Comparing the above output to the source data, all but 1 was not classified as the original source.  This is pretty good considering generally symptom class name assignments are not completely accurate anyways AND were not expected to be.  Warranty data is inherently dirty data and is reflected in the not-so-perfect symptom class names.  So the performance of my ML classification attempt looks very good.

# Re-Using the Machine Learning Model to Classify Future Claims

### Persist the model so that we can re-use it without having to retrain

In [48]:
import pickle

pickle.dump(clf1, open(r'D:\jupyter\machine_learning\nbayes.sk','wb'))

### Re-use the Model and Load Helper Data Structures

In [54]:
# Load the model
clf2 = pickle.load(open(r'D:\jupyter\machine_learning\nbayes.sk','rb'))

# Load helper data structures that we made earlier
part5_to_int_mapper = pickle.load(open(r'D:\jupyter\machine_learning\part5_to_int_mapper.sk', 'rb'))
symptom_to_int_mapper = pickle.load(open(r'D:\jupyter\machine_learning\symptom_to_int_mapper.sk', 'rb'))
int_to_symp_class_mapper = pickle.load(open(r'D:\jupyter\machine_learning\int_to_symp_class_mapper.sk', 'rb'))

Again, in a production environment, it is probably best to load the mappings from a relational database instead of using Python's pickle.

### Test a single observation using the model

In [55]:
# criteria = [part5, part cost, dtf, mtf, symptom]
criteria = [part5_to_int_mapper['04823'], 0, 0, 207, symptom_to_int_mapper['COSMETIC ISSUE']]
int_to_symp_class_mapper[clf2.predict([criteria])[0]]

'SEAT BELTS/REAR/COSMETIC ISSUE'

**That's it!**

Instead of symptom class names, we can classify warranty claims with other different types of classification labels so this classification example can be extended for any other classification we can come up with.

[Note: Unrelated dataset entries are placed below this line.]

(* Let $A,B,C$ be finite sets, let $\varphi(x,y)$ be a condensation FO formula over $A$, and let $f\colon A^{\mathrm{ord}+}\to B$ and $g\colon B^{\mathrm{ord}}\to C$ be FO-definable maps. Then the map $A^{\mathrm{ord}}\to C$ sending $u$ to $g(w_u)$, where $w_u\in B^{\mathrm{ord}}$ is the word with domain $\mathrm{dom}(\hat\varphi(u))$ whose letter at position $i$ is $f(\hat\varphi(u)_i)$, is FO-definable.
   Context: Countable ordinal words: for a set $\Sigma$, a countable ordinal word over $\Sigma$ is a map $w\colon\alpha\to\Sigma$ with $\alpha$ a countable ordinal (its domain $\mathrm{dom}(w)$); $\Sigma^{\mathrm{ord}}$ is the set of all of them, $\Sigma^{\mathrm{ord}+}$ the nonempty ones. First-order logic: over a finite alphabet $\Sigma$, FO formulas are built from atoms $x<y$ and $a(x)$ ($a\in\Sigma$) by Boolean connectives and quantification over positions, interpreted on countable ordinal words. A language is FO-definable if it is the set of words satisfying some FO sentence. For $L\subseteq\Sigma^{\mathrm{ord}}$ and a finite set $X$, a map $f\colon L\to X$ is FO-definable if every preimage $f^{-1}(x)$, $x\in X$, is an FO-definable language. Condensations: a condensation of a countable ordinal $\alpha$ is an equivalence relation on $\alpha$ with convex classes; the quotient is again a countable ordinal. A condensation formula is an FO formula $\varphi(x,y)$ such that for every word $w\in\Sigma^{\mathrm{ord}}$ the relation $\{(\iota,\kappa): w,[x\mapsto\iota,y\mapsto\kappa]\models\varphi\}$ is a condensation of $\mathrm{dom}(w)$. It induces $\hat\varphi\colon\Sigma^{\mathrm{ord}}\to(\Sigma^{\mathrm{ord}+})^{\mathrm{ord}}$: $\hat\varphi(u)$ has domain the ordered set of classes, and its letter at class $I$ is the subword $(u_\iota)_{\iota\in I}$. *)

From mathcomp Require Import all_boot.
Set Implicit Arguments.
Unset Strict Implicit.
Unset Printing Implicit Defensive.

(* It is a countable ordinal word when
   [wf_word] holds: the order is a strict total well-founded order and the
   encoding is injective (countability).  Every countable ordinal word
   w : alpha -> S is represented (up to isomorphism) in this way, and
   conversely every well-formed word is isomorphic to one with an ordinal
   domain. *)
Record word (S : Type) := Word {
  pos : Type;
  enc : pos -> nat;
  wlt : pos -> pos -> Prop;
  lab : pos -> S
}.

Definition wf_word S (w : word S) : Prop :=
  injective (@enc S w) /\
  (forall p : pos w, ~ wlt p p) /\
  (forall p q r : pos w, wlt p q -> wlt q r -> wlt p r) /\
  (forall p q : pos w, p <> q -> wlt p q \/ wlt q p) /\
  well_founded (@wlt S w).

Definition nonempty_word S (w : word S) : Prop := inhabited (pos w).

Inductive form (S : Type) :=
| FLt  : nat -> nat -> form S
| FLab : S -> nat -> form S
| FNot : form S -> form S
| FAnd : form S -> form S -> form S
| FOr  : form S -> form S -> form S
| FEx  : nat -> form S -> form S
| FAll : nat -> form S -> form S.

Fixpoint fv_in S (V : nat -> Prop) (phi : form S) : Prop :=
  match phi with
  | FLt x y => V x /\ V y
  | FLab _ x => V x
  | FNot p => fv_in V p
  | FAnd p q => fv_in V p /\ fv_in V q
  | FOr p q => fv_in V p /\ fv_in V q
  | FEx x p => fv_in (fun z => z = x \/ V z) p
  | FAll x p => fv_in (fun z => z = x \/ V z) p
  end.
Lemma fourier3_inversion x t :
  \sum_b \sum_c \sum_d fourier3 x b c d / (chi b t.1.1 * chi c t.1.2 * chi d t.2)
  = (K ^ m)%:R ^+ 3 * x t.
Proof.
have orth3 s : \sum_b \sum_c \sum_d
    chi b s.1.1 * chi c s.1.2 * chi d s.2 / (chi b t.1.1 * chi c t.1.2 * chi d t.2)
    = (s == t)%:R * (K ^ m)%:R ^+ 3.
  transitivity ((\sum_b chi b s.1.1 / chi b t.1.1) * (\sum_c chi c s.1.2 / chi c t.1.2)
                * (\sum_d chi d s.2 / chi d t.2)).
    by rewrite big_distr3; do 3!apply: eq_bigr => ? _; rewrite !invfM; ring.
  rewrite !sum_chi_conj.
  case: s t => [[s1 s2] s3] [[t1 t2] t3] /=; rewrite !xpair_eqE.
  by case: (s1 == t1); case: (s2 == t2); case: (s3 == t3); rewrite /=; ring.
transitivity (\sum_s x s * ((s == t)%:R * (K ^ m)%:R ^+ 3)); last first.
  by rewrite (sum_supp1 t) => [|s /negbTE->]; rewrite ?mul0r ?mulr0 // eqxx mul1r mulrC.
symmetry; under eq_bigr => s _ do rewrite -orth3 mulr_sumr.
rewrite exchange_big; apply: eq_bigr => b _; under eq_bigr do rewrite mulr_sumr.
rewrite exchange_big; apply: eq_bigr => c _; under eq_bigr do rewrite mulr_sumr.
rewrite exchange_big; apply: eq_bigr => d _; rewrite /fourier3 mulr_suml.
by apply: eq_bigr => s _; rewrite mulrA.
Qed.

Lemma fourier3_inj x y :
  (forall b c d, fourier3 x b c d = fourier3 y b c d) -> x = y.
Proof.
move=> eq_xy; apply/ffunP => t; apply: (mulfI (expf_neq0 3 Km_neq0)).
by rewrite -!fourier3_inversion; do 3!apply: eq_bigr => ? _; rewrite eq_xy.
Qed.

Lemma idemE b g : idem q b g = (K ^ m)%:R^-1 / chi b g.
Proof. by rewrite ffunE prodfV. Qed.

Lemma fourier_idem b' b : fourier (idem q b') b = (b' == b)%:R.
Proof.
rewrite /fourier (eq_bigr (fun g => (K ^ m)%:R^-1 * (chi g b / chi g b'))) => [|g _].
  by rewrite -mulr_sumr sum_chi_conj eq_sym mulrCA mulVf ?mulr1 ?Km_neq0.
by rewrite idemE (chiC g b) (chiC g b'); ring.
Qed.
(* Idempotents commute: f e is an inverse of the idempotent e f. *)
Lemma idem_comm e f : idem e -> idem f -> e ** f = f ** e.
Proof.
move=> He Hf; have Hef := idem_mul He Hf; have Hfe := idem_mul Hf He.
rewrite -(inv_idem Hef); symmetry; apply: inv_unique;
  rewrite !mulA !(mul_idemK _ Hf) !(mul_idemK _ He).
- by have := Hef; rewrite /idem !mulA.
- by have := Hfe; rewrite /idem !mulA.
Qed.

Lemma idem_sandwich e c : idem e -> idem c -> e ** c = e ** c ** e.
Proof. by move=> He Hc; rewrite -mulA -(idem_comm He Hc) mulA He. Qed.

Lemma inv_mul x y : inv (x ** y) = inv y ** inv x.
Proof.
have comm_mid : dom y ** (inv x ** x) = inv x ** x ** dom y.
  exact: idem_comm (idem_dom y) (idem_invmul x).
symmetry; apply: inv_unique.
- have -> : x ** y ** (inv y ** inv x) ** (x ** y) =
            x ** (dom y ** (inv x ** x)) ** y by rewrite /dom !mulA.
  by rewrite comm_mid /dom !mulA (mul_inv_mul x) mul_inv_mulr.
- have -> : inv y ** inv x ** (x ** y) ** (inv y ** inv x) =
            inv y ** (inv x ** x ** dom y) ** inv x by rewrite /dom !mulA.
  by rewrite -comm_mid /dom !mulA (inv_mul_inv y) inv_mul_invr.
Qed.

Definition le e f := e ** f = e.

Lemma le_trans e f g : le e f -> le f g -> le e g.
Proof. by rewrite /le => ef fg; rewrite -ef -mulA fg. Qed.

Lemma dom_mul x z : dom (x ** z) = x ** dom z ** inv x.
Proof. by rewrite /dom inv_mul !mulA. Qed.

Lemma dom_mul_le x z : le (dom (x ** z)) (dom x).
Proof. by rewrite /le dom_mul /dom !mulA inv_mul_invr. Qed.

Definition compat x y := idem (inv x ** y) /\ idem (inv y ** x).

Lemma compat_of_idem_contexts x y :
  (forall z, idem (z ** x) <-> idem (z ** y)) -> compat x y.
Proof.
by move=> ctx; split; [apply/ctx; apply: idem_invmul | apply/ctx; apply: idem_invmul].
Qed.

Lemma compat_agree x y e : compat x y -> le e (dom x) -> le e (dom y) ->
  e ** x = e ** y.
Proof.
move=> [Hk _] ex ey.
have k_sym : inv y ** x = inv x ** y by rewrite -(inv_idem Hk) inv_mul invK.
have e_x : e ** x = e ** y ** (inv x ** y) by rewrite -{1}ey /dom -!mulA k_sym.
have e_y : e ** y = e ** x ** (inv x ** y) by rewrite -{1}ex /dom -!mulA.
by rewrite e_x e_y -mulA Hk -e_y.
Qed.
Lemma gV_unit : gV \in unitmx.
Proof.
by case: HH => [[_ [_ [+ _]]] _]; rewrite /form_n !unitmxE det_ublock unitrM => /andP[].
Qed.

Lemma gZ_unit : gZ \in unitmx.
Proof. by case: HH => [[_ [_ []]] _]. Qed.

Lemma Jmap_clifford z w : J z *m J w + J w *m J z = (- (2%:R * '[z, w]_Z))%:M.
Proof. by case: HH => _; rewrite -ipZ_form. Qed.

Lemma Jmap_adj z x y : '[x *m J z, y]_V = '[z, br x y]_Z.
Proof.
rewrite /Jmap; set M := \matrix_(i, j) _.
have -> : '[x *m (M *m invmx gV), y]_V = form idfun M x y.
  by rewrite /form !mulmxA mulmxKV ?gV_unit.
rewrite [x]row_sum_delta [y]row_sum_delta (br_suml br_graded) form_suml form_sumr.
apply: eq_bigr => i _; rewrite formZl (brZl br_graded) formZr /= (br_sumr br_graded).
rewrite !form_sumr !mulr_sumr.
by apply: eq_bigr => j _; rewrite formZr (brZr br_graded) formZr /= formee mxE ipZ_form.
Qed.

Lemma JmapD a z z' : J (a *: z + z') = a *: J z + J z'.
Proof.
rewrite /Jmap scalemxAl -mulmxDl; congr (_ *m _).
by apply/matrixP => i j; rewrite !mxE !ipZ_form formDl formZl.
Qed.

Lemma Jmap_sqr z : J z *m J z = (- '[z, z]_Z)%:M.
Proof.
have := Jmap_clifford z z; rewrite -mulr2n -scaler_nat => /(congr1 ( *:%R 2%:R^-1)).
by rewrite scalerA mulVf // scale1r scale_scalar_mx mulrN mulKf.
Qed.

Lemma mulmx_Jmap_sqr (x : 'rV[R]_m) z : x *m J z *m J z = - '[z, z]_Z *: x.
Proof. by rewrite -mulmxA Jmap_sqr mul_mx_scalar. Qed.

Lemma mulmx_Jmap_anticomm (x : 'rV[R]_m) z w : '[z, w]_Z = 0 ->
  x *m J z *m J w = - (x *m J w *m J z).
Proof.
move=> zw; have /eqP := Jmap_clifford z w.
rewrite zw mulr0 oppr0 raddf0 addr_eq0 => /eqP anticomm.
by rewrite -[LHS]mulmxA anticomm mulmxN mulmxA.
Qed.

Lemma Jmap_skew z x y : '[x *m J z, y]_V = - '[x, y *m J z]_V.
Proof. by rewrite Jmap_adj (br_anti br_graded) formNr -Jmap_adj (form_sym gV_sym). Qed.

Lemma Jmap_isometry z x y : '[x *m J z, y *m J z]_V = '[z, z]_Z * '[x, y]_V.
Proof. by rewrite Jmap_skew mulmx_Jmap_sqr formZr /= mulNr opprK. Qed.

Lemma br_Jmap y z : br y (y *m J z) = '[y, y]_V *: z.
Proof.
apply: (form_injr gZ_sym gZ_unit) => w; rewrite -Jmap_adj formZr /=.
have twice : '[y *m J w, y *m J z]_V + '[y *m J w, y *m J z]_V =
             - '[y, y *m (J z *m J w + J w *m J z)]_V.
  rewrite {1}Jmap_skew (form_sym gV_sym (y *m J w)) Jmap_skew -opprD -formDr.
  by rewrite -[y *m J z *m _]mulmxA -[y *m J w *m _]mulmxA -mulmxDr.
move: twice; rewrite Jmap_clifford mul_mx_scalar formZr /= (form_sym gZ_sym z w).
lra.
Qed.

Lemma exists_anisotropic_n1 z : '[z, z]_Z != 0 -> exists y, '[y, y]_V != 0.
Proof.
move=> z_aniso; have z_neq0 : z != 0 by apply: contraNneq z_aniso => ->; rewrite form0l.
have m_gt0 := dim_n1_gt0 br_graded z_neq0.
have [s [s_aniso _]] := exists_orthogonal_family gV_sym gV_unit two_neq0 m_gt0.
by exists (s ord0).
Qed.

Lemma exists_orthogonal_triple : (3 <= q)%N ->
  exists e1 e2 e3, [/\ '[e1, e1]_Z != 0, '[e2, e2]_Z != 0, '[e3, e3]_Z != 0 &
                      [/\ '[e1, e2]_Z = 0, '[e1, e3]_Z = 0 & '[e2, e3]_Z = 0]].
Proof.
move=> q_ge3; have [s [s_aniso s_orth]] := exists_orthogonal_family gZ_sym gZ_unit two_neq0 q_ge3.
by exists (s 0%R), (s 1%R), (s 2%:R); split; rewrite ?s_aniso ?s_orth.
Qed.

Lemma mulmx_Jmap3K (x : 'rV[R]_m) a b c :
  x *m J a *m J b *m J c *m J c *m J b *m J a = - ('[a, a]_Z * '[b, b]_Z * '[c, c]_Z) *: x.
Proof.
rewrite mulmx_Jmap_sqr -scalemxAl mulmx_Jmap_sqr -!scalemxAl mulmx_Jmap_sqr !scalerA.
by congr (_ *: _); ring.
Qed.

Section OrthogonalTriple.
Variables e1 e2 e3 : 'rV[R]_q.
Hypotheses (e1_aniso : '[e1, e1]_Z != 0) (e2_aniso : '[e2, e2]_Z != 0).
Hypotheses (e3_aniso : '[e3, e3]_Z != 0).
Hypotheses (e12 : '[e1, e2]_Z = 0) (e13 : '[e1, e3]_Z = 0) (e23 : '[e2, e3]_Z = 0).

Let e21 : '[e2, e1]_Z = 0. Proof. by rewrite (form_sym gZ_sym). Qed.
Let e31 : '[e3, e1]_Z = 0. Proof. by rewrite (form_sym gZ_sym). Qed.
Let e32 : '[e3, e2]_Z = 0. Proof. by rewrite (form_sym gZ_sym). Qed.

Lemma Jmap3_eq0 (x : 'rV[R]_m) : x *m J e1 *m J e2 *m J e3 = 0 -> x = 0.
Proof.
move=> x0; have /esym/eqP := mulmx_Jmap3K x e1 e2 e3; rewrite x0 !mul0mx.
by rewrite scaler_eq0 oppr_eq0 !mulf_eq0 (negbTE e1_aniso) (negbTE e2_aniso)
  (negbTE e3_aniso) => /eqP.
Qed.

Lemma symmetric_Jmap_family_eq0 (Psi : 'rV[R]_q -> 'rV[R]_q -> 'rV[R]_m)
    (v : 'rV[R]_q -> 'rV[R]_m) :
  (forall a z, Psi a z = v a *m J z) -> (forall a z, Psi a z = Psi z a) ->
  forall a z, Psi a z = 0.
Proof.
move=> PsiE Psi_sym; set c := '[e1, e1]_Z.
have v_sym a z : v a *m J z = v z *m J a by rewrite -!PsiE.
have v_J1 z : v z = - c^-1 *: (v e1 *m J z *m J e1).
  by rewrite -v_sym mulmx_Jmap_sqr scalerA mulrNN mulVf // scale1r.
suff v_e1 : v e1 = 0 by move=> a z; rewrite PsiE v_J1 v_e1 !mul0mx scaler0 mul0mx.
apply: Jmap3_eq0; have := v_sym e2 e3; rewrite (v_J1 e2) (v_J1 e3) -!scalemxAl.
move/(scalerI _); rewrite oppr_eq0 invr_eq0 => /(_ e1_aniso).
rewrite (mulmx_Jmap_anticomm (v e1) e21) mulNmx (mulmx_Jmap_anticomm (v e1) e31).
rewrite mulNmx (mulmx_Jmap_anticomm (v e1 *m J e1) e32) opprK => /eqP.
rewrite -subr_eq0 -opprD oppr_eq0 -mulr2n -scaler_nat scaler_eq0 (negbTE two_neq0).
by move/eqP.
Qed.

Lemma sym_bracket_map_eq0 (B : 'rV[R]_m -> 'rV[R]_m -> 'rV[R]_m) :
  (forall x y, B x y = B y x) ->
  (forall x y y', br (B x y) y' = br (B x y') y) -> forall x y, B x y = 0.
Proof.
move=> B_sym B_br; pose D a b c : R := '[B a b, c]_V.
have D_J z a b c : D a b (c *m J z) = D a c (b *m J z).
  by have := congr1 (form idfun gZ z) (B_br a b c); rewrite -!Jmap_adj !Jmap_skew => /oppr_inj.
pose K (u : 'rV_m) := u *m J e1 *m J e2 *m J e3.
have D_K a b c : D a b (K c) = - D a c (K b).
  (* w J_{e2} = b J_{e3} lets D_J carry J_{e2}, and then J_{e1}, across. *)
  set c2 := '[e2, e2]_Z; pose w : 'rV[R]_m := - c2^-1 *: (b *m J e3 *m J e2).
  have wJ2 : w *m J e2 = b *m J e3.
    by rewrite -scalemxAl mulmx_Jmap_sqr scalerA mulrNN mulVf // scale1r.
  rewrite /K D_J -wJ2 D_J mulmx_Jmap_sqr /D formZr -/(D a w _) D_J -scalemxAl /D formZr /=.
  rewrite mulrA mulrNN mulfV // mul1r (mulmx_Jmap_anticomm b e32) mulNmx.
  rewrite (mulmx_Jmap_anticomm (b *m J e2) e31) (mulmx_Jmap_anticomm b e21).
  by rewrite mulNmx opprK formNr.
(* D a b (K c) is symmetric in (a, b) and skew in (b, c). *)
have D_K0 a b c : D a b (K c) = 0.
  have D_symK x y z : D x y (K z) = D y x (K z) by rewrite /D B_sym.
  have := D_K a b c; have := D_K c a b; have := D_K b c a.
  have := D_symK a c b; have := D_symK c b a; have := D_symK b a c.
  lra.
move=> x y; apply: (form_injl gV_unit) => w; rewrite form0l.
have := mulmx_Jmap3K w e3 e2 e1; rewrite -[_ *m J e2 *m J e3]/(K (w *m J e3 *m J e2 *m J e1)).
move/(congr1 (D x y)); rewrite D_K0 /D formZr /= => /esym/eqP.
rewrite mulf_eq0 oppr_eq0 !mulf_eq0 (negbTE e1_aniso) (negbTE e2_aniso) (negbTE e3_aniso).
by move/eqP.
Qed.

(* For w in g_1: f z = [w, z] and B x y = [[w, x], y]. *)
Section CenterAction.
Variables (f : 'rV[R]_q -> 'rV[R]_m) (B : 'rV[R]_m -> 'rV[R]_m -> 'rV[R]_m).
Hypotheses (f_lin : linear f) (B_lin : forall x, linear (B x)).
Hypothesis f_br : forall x y y', br (f (br y y')) x = br (B x y) y' - br (B x y') y.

I have not tested this model extensively with other larger test data, but so far I have been impressed with the model so far.

# Conclusion

This small-scale example shows that a machine learning classification algorithm was able to classify warranty claims without hard-coded algorithms.  It was "trained" solely from the training data consisting of just some of the attributes of the warranty claims data.